Task data —
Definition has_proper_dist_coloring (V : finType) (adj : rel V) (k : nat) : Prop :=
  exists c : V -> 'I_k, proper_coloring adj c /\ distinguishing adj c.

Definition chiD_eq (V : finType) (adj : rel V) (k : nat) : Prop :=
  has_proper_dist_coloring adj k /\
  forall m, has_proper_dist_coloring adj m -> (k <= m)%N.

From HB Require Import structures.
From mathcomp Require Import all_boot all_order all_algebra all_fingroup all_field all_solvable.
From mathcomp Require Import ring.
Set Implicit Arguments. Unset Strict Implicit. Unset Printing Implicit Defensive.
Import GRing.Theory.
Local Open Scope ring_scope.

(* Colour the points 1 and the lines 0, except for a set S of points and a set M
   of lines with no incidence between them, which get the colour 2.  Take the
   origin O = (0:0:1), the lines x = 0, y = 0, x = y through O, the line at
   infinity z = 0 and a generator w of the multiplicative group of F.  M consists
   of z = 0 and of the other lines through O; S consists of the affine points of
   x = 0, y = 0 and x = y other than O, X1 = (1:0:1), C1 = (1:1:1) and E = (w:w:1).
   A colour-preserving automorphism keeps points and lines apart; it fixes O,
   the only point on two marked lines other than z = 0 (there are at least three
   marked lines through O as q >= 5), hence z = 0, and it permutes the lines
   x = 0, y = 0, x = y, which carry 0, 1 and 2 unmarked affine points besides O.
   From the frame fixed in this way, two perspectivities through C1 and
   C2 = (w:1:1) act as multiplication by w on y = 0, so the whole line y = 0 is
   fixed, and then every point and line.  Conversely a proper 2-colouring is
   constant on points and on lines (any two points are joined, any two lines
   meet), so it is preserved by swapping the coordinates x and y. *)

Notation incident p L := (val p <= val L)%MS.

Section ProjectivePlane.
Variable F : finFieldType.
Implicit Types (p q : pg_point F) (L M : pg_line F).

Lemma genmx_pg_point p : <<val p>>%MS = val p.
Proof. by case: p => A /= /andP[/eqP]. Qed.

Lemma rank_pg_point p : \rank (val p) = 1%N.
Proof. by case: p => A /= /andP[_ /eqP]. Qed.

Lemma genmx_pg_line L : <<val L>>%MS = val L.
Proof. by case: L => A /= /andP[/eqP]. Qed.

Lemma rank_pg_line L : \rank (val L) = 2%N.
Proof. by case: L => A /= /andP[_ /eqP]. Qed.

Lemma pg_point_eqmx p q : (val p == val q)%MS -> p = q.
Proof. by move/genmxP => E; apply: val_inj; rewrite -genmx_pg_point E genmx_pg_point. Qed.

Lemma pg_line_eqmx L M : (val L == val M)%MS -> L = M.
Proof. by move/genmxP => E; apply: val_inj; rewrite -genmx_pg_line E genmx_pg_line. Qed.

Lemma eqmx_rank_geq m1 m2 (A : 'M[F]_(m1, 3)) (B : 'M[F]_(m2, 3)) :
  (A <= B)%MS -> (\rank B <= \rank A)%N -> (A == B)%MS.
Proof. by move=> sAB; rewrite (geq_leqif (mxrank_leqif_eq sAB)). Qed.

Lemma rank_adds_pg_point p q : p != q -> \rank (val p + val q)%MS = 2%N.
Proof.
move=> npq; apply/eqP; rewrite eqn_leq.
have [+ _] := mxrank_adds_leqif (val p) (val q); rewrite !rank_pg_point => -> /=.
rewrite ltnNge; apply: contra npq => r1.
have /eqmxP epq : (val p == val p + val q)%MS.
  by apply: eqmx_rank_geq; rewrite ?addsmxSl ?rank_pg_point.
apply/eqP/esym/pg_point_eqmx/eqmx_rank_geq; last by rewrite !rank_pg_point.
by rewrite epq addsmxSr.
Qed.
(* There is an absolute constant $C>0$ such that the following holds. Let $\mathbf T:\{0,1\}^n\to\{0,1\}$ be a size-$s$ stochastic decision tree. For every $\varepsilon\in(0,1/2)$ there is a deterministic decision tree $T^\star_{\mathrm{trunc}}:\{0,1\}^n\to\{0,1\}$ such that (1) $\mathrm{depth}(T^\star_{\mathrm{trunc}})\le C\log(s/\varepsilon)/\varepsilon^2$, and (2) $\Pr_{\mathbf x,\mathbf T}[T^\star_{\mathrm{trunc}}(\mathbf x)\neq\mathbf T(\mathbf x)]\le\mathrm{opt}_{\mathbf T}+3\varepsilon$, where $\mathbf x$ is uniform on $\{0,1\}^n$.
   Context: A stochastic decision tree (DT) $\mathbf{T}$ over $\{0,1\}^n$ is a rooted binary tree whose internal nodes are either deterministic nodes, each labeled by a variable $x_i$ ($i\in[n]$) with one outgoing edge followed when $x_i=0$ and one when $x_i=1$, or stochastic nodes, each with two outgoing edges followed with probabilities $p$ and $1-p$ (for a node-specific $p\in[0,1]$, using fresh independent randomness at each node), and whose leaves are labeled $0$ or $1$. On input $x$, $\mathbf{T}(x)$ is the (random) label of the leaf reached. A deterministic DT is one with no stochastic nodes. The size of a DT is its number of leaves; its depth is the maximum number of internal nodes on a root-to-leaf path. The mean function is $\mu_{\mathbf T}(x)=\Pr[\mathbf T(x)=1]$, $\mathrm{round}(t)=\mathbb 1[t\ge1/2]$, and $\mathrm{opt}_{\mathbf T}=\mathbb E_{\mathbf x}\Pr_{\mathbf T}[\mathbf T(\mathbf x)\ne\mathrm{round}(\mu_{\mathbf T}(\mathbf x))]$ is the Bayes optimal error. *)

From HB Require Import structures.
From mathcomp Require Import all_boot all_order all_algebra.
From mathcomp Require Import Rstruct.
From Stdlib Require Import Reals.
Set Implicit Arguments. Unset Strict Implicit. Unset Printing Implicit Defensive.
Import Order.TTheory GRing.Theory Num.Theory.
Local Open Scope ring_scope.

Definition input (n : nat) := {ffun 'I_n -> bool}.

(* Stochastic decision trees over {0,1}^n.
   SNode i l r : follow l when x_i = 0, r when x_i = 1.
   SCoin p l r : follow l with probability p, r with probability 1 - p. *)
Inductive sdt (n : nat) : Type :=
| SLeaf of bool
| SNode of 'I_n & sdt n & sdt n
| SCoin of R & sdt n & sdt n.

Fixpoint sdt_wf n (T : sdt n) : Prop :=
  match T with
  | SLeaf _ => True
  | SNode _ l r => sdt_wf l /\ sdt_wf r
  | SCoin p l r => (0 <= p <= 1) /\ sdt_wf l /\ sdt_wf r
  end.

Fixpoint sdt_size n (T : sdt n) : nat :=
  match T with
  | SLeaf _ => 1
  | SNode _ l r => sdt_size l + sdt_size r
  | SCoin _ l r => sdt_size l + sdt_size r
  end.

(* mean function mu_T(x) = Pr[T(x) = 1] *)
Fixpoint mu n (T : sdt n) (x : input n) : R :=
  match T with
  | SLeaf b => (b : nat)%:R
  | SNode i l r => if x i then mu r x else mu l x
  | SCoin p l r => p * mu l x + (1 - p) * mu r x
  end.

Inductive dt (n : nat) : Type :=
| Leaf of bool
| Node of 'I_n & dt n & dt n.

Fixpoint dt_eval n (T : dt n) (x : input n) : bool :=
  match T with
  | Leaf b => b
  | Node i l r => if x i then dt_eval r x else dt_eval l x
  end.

What you have to do —
Take the entries above and write them out again unchanged.

Reply —
Definition has_proper_dist_coloring (V : finType) (adj : rel V) (k : nat) : Prop :=
  exists c : V -> 'I_k, proper_coloring adj c /\ distinguishing adj c.

Definition chiD_eq (V : finType) (adj : rel V) (k : nat) : Prop :=
  has_proper_dist_coloring adj k /\
  forall m, has_proper_dist_coloring adj m -> (k <= m)%N.

From HB Require Import structures.
From mathcomp Require Import all_boot all_order all_algebra all_fingroup all_field all_solvable.
From mathcomp Require Import ring.
Set Implicit Arguments. Unset Strict Implicit. Unset Printing Implicit Defensive.
Import GRing.Theory.
Local Open Scope ring_scope.

(* Colour the points 1 and the lines 0, except for a set S of points and a set M
   of lines with no incidence between them, which get the colour 2.  Take the
   origin O = (0:0:1), the lines x = 0, y = 0, x = y through O, the line at
   infinity z = 0 and a generator w of the multiplicative group of F.  M consists
   of z = 0 and of the other lines through O; S consists of the affine points of
   x = 0, y = 0 and x = y other than O, X1 = (1:0:1), C1 = (1:1:1) and E = (w:w:1).
   A colour-preserving automorphism keeps points and lines apart; it fixes O,
   the only point on two marked lines other than z = 0 (there are at least three
   marked lines through O as q >= 5), hence z = 0, and it permutes the lines
   x = 0, y = 0, x = y, which carry 0, 1 and 2 unmarked affine points besides O.
   From the frame fixed in this way, two perspectivities through C1 and
   C2 = (w:1:1) act as multiplication by w on y = 0, so the whole line y = 0 is
   fixed, and then every point and line.  Conversely a proper 2-colouring is
   constant on points and on lines (any two points are joined, any two lines
   meet), so it is preserved by swapping the coordinates x and y. *)

Notation incident p L := (val p <= val L)%MS.

Section ProjectivePlane.
Variable F : finFieldType.
Implicit Types (p q : pg_point F) (L M : pg_line F).

Lemma genmx_pg_point p : <<val p>>%MS = val p.
Proof. by case: p => A /= /andP[/eqP]. Qed.

Lemma rank_pg_point p : \rank (val p) = 1%N.
Proof. by case: p => A /= /andP[_ /eqP]. Qed.

Lemma genmx_pg_line L : <<val L>>%MS = val L.
Proof. by case: L => A /= /andP[/eqP]. Qed.

Lemma rank_pg_line L : \rank (val L) = 2%N.
Proof. by case: L => A /= /andP[_ /eqP]. Qed.

Lemma pg_point_eqmx p q : (val p == val q)%MS -> p = q.
Proof. by move/genmxP => E; apply: val_inj; rewrite -genmx_pg_point E genmx_pg_point. Qed.

Lemma pg_line_eqmx L M : (val L == val M)%MS -> L = M.
Proof. by move/genmxP => E; apply: val_inj; rewrite -genmx_pg_line E genmx_pg_line. Qed.

Lemma eqmx_rank_geq m1 m2 (A : 'M[F]_(m1, 3)) (B : 'M[F]_(m2, 3)) :
  (A <= B)%MS -> (\rank B <= \rank A)%N -> (A == B)%MS.
Proof. by move=> sAB; rewrite (geq_leqif (mxrank_leqif_eq sAB)). Qed.

Lemma rank_adds_pg_point p q : p != q -> \rank (val p + val q)%MS = 2%N.
Proof.
move=> npq; apply/eqP; rewrite eqn_leq.
have [+ _] := mxrank_adds_leqif (val p) (val q); rewrite !rank_pg_point => -> /=.
rewrite ltnNge; apply: contra npq => r1.
have /eqmxP epq : (val p == val p + val q)%MS.
  by apply: eqmx_rank_geq; rewrite ?addsmxSl ?rank_pg_point.
apply/eqP/esym/pg_point_eqmx/eqmx_rank_geq; last by rewrite !rank_pg_point.
by rewrite epq addsmxSr.
Qed.
(* There is an absolute constant $C>0$ such that the following holds. Let $\mathbf T:\{0,1\}^n\to\{0,1\}$ be a size-$s$ stochastic decision tree. For every $\varepsilon\in(0,1/2)$ there is a deterministic decision tree $T^\star_{\mathrm{trunc}}:\{0,1\}^n\to\{0,1\}$ such that (1) $\mathrm{depth}(T^\star_{\mathrm{trunc}})\le C\log(s/\varepsilon)/\varepsilon^2$, and (2) $\Pr_{\mathbf x,\mathbf T}[T^\star_{\mathrm{trunc}}(\mathbf x)\neq\mathbf T(\mathbf x)]\le\mathrm{opt}_{\mathbf T}+3\varepsilon$, where $\mathbf x$ is uniform on $\{0,1\}^n$.
   Context: A stochastic decision tree (DT) $\mathbf{T}$ over $\{0,1\}^n$ is a rooted binary tree whose internal nodes are either deterministic nodes, each labeled by a variable $x_i$ ($i\in[n]$) with one outgoing edge followed when $x_i=0$ and one when $x_i=1$, or stochastic nodes, each with two outgoing edges followed with probabilities $p$ and $1-p$ (for a node-specific $p\in[0,1]$, using fresh independent randomness at each node), and whose leaves are labeled $0$ or $1$. On input $x$, $\mathbf{T}(x)$ is the (random) label of the leaf reached. A deterministic DT is one with no stochastic nodes. The size of a DT is its number of leaves; its depth is the maximum number of internal nodes on a root-to-leaf path. The mean function is $\mu_{\mathbf T}(x)=\Pr[\mathbf T(x)=1]$, $\mathrm{round}(t)=\mathbb 1[t\ge1/2]$, and $\mathrm{opt}_{\mathbf T}=\mathbb E_{\mathbf x}\Pr_{\mathbf T}[\mathbf T(\mathbf x)\ne\mathrm{round}(\mu_{\mathbf T}(\mathbf x))]$ is the Bayes optimal error. *)

From HB Require Import structures.
From mathcomp Require Import all_boot all_order all_algebra.
From mathcomp Require Import Rstruct.
From Stdlib Require Import Reals.
Set Implicit Arguments. Unset Strict Implicit. Unset Printing Implicit Defensive.
Import Order.TTheory GRing.Theory Num.Theory.
Local Open Scope ring_scope.

Definition input (n : nat) := {ffun 'I_n -> bool}.

(* Stochastic decision trees over {0,1}^n.
   SNode i l r : follow l when x_i = 0, r when x_i = 1.
   SCoin p l r : follow l with probability p, r with probability 1 - p. *)
Inductive sdt (n : nat) : Type :=
| SLeaf of bool
| SNode of 'I_n & sdt n & sdt n
| SCoin of R & sdt n & sdt n.

Fixpoint sdt_wf n (T : sdt n) : Prop :=
  match T with
  | SLeaf _ => True
  | SNode _ l r => sdt_wf l /\ sdt_wf r
  | SCoin p l r => (0 <= p <= 1) /\ sdt_wf l /\ sdt_wf r
  end.

Fixpoint sdt_size n (T : sdt n) : nat :=
  match T with
  | SLeaf _ => 1
  | SNode _ l r => sdt_size l + sdt_size r
  | SCoin _ l r => sdt_size l + sdt_size r
  end.

(* mean function mu_T(x) = Pr[T(x) = 1] *)
Fixpoint mu n (T : sdt n) (x : input n) : R :=
  match T with
  | SLeaf b => (b : nat)%:R
  | SNode i l r => if x i then mu r x else mu l x
  | SCoin p l r => p * mu l x + (1 - p) * mu r x
  end.

Inductive dt (n : nat) : Type :=
| Leaf of bool
| Node of 'I_n & dt n & dt n.

Fixpoint dt_eval n (T : dt n) (x : input n) : bool :=
  match T with
  | Leaf b => b
  | Node i l r => if x i then dt_eval r x else dt_eval l x
  end.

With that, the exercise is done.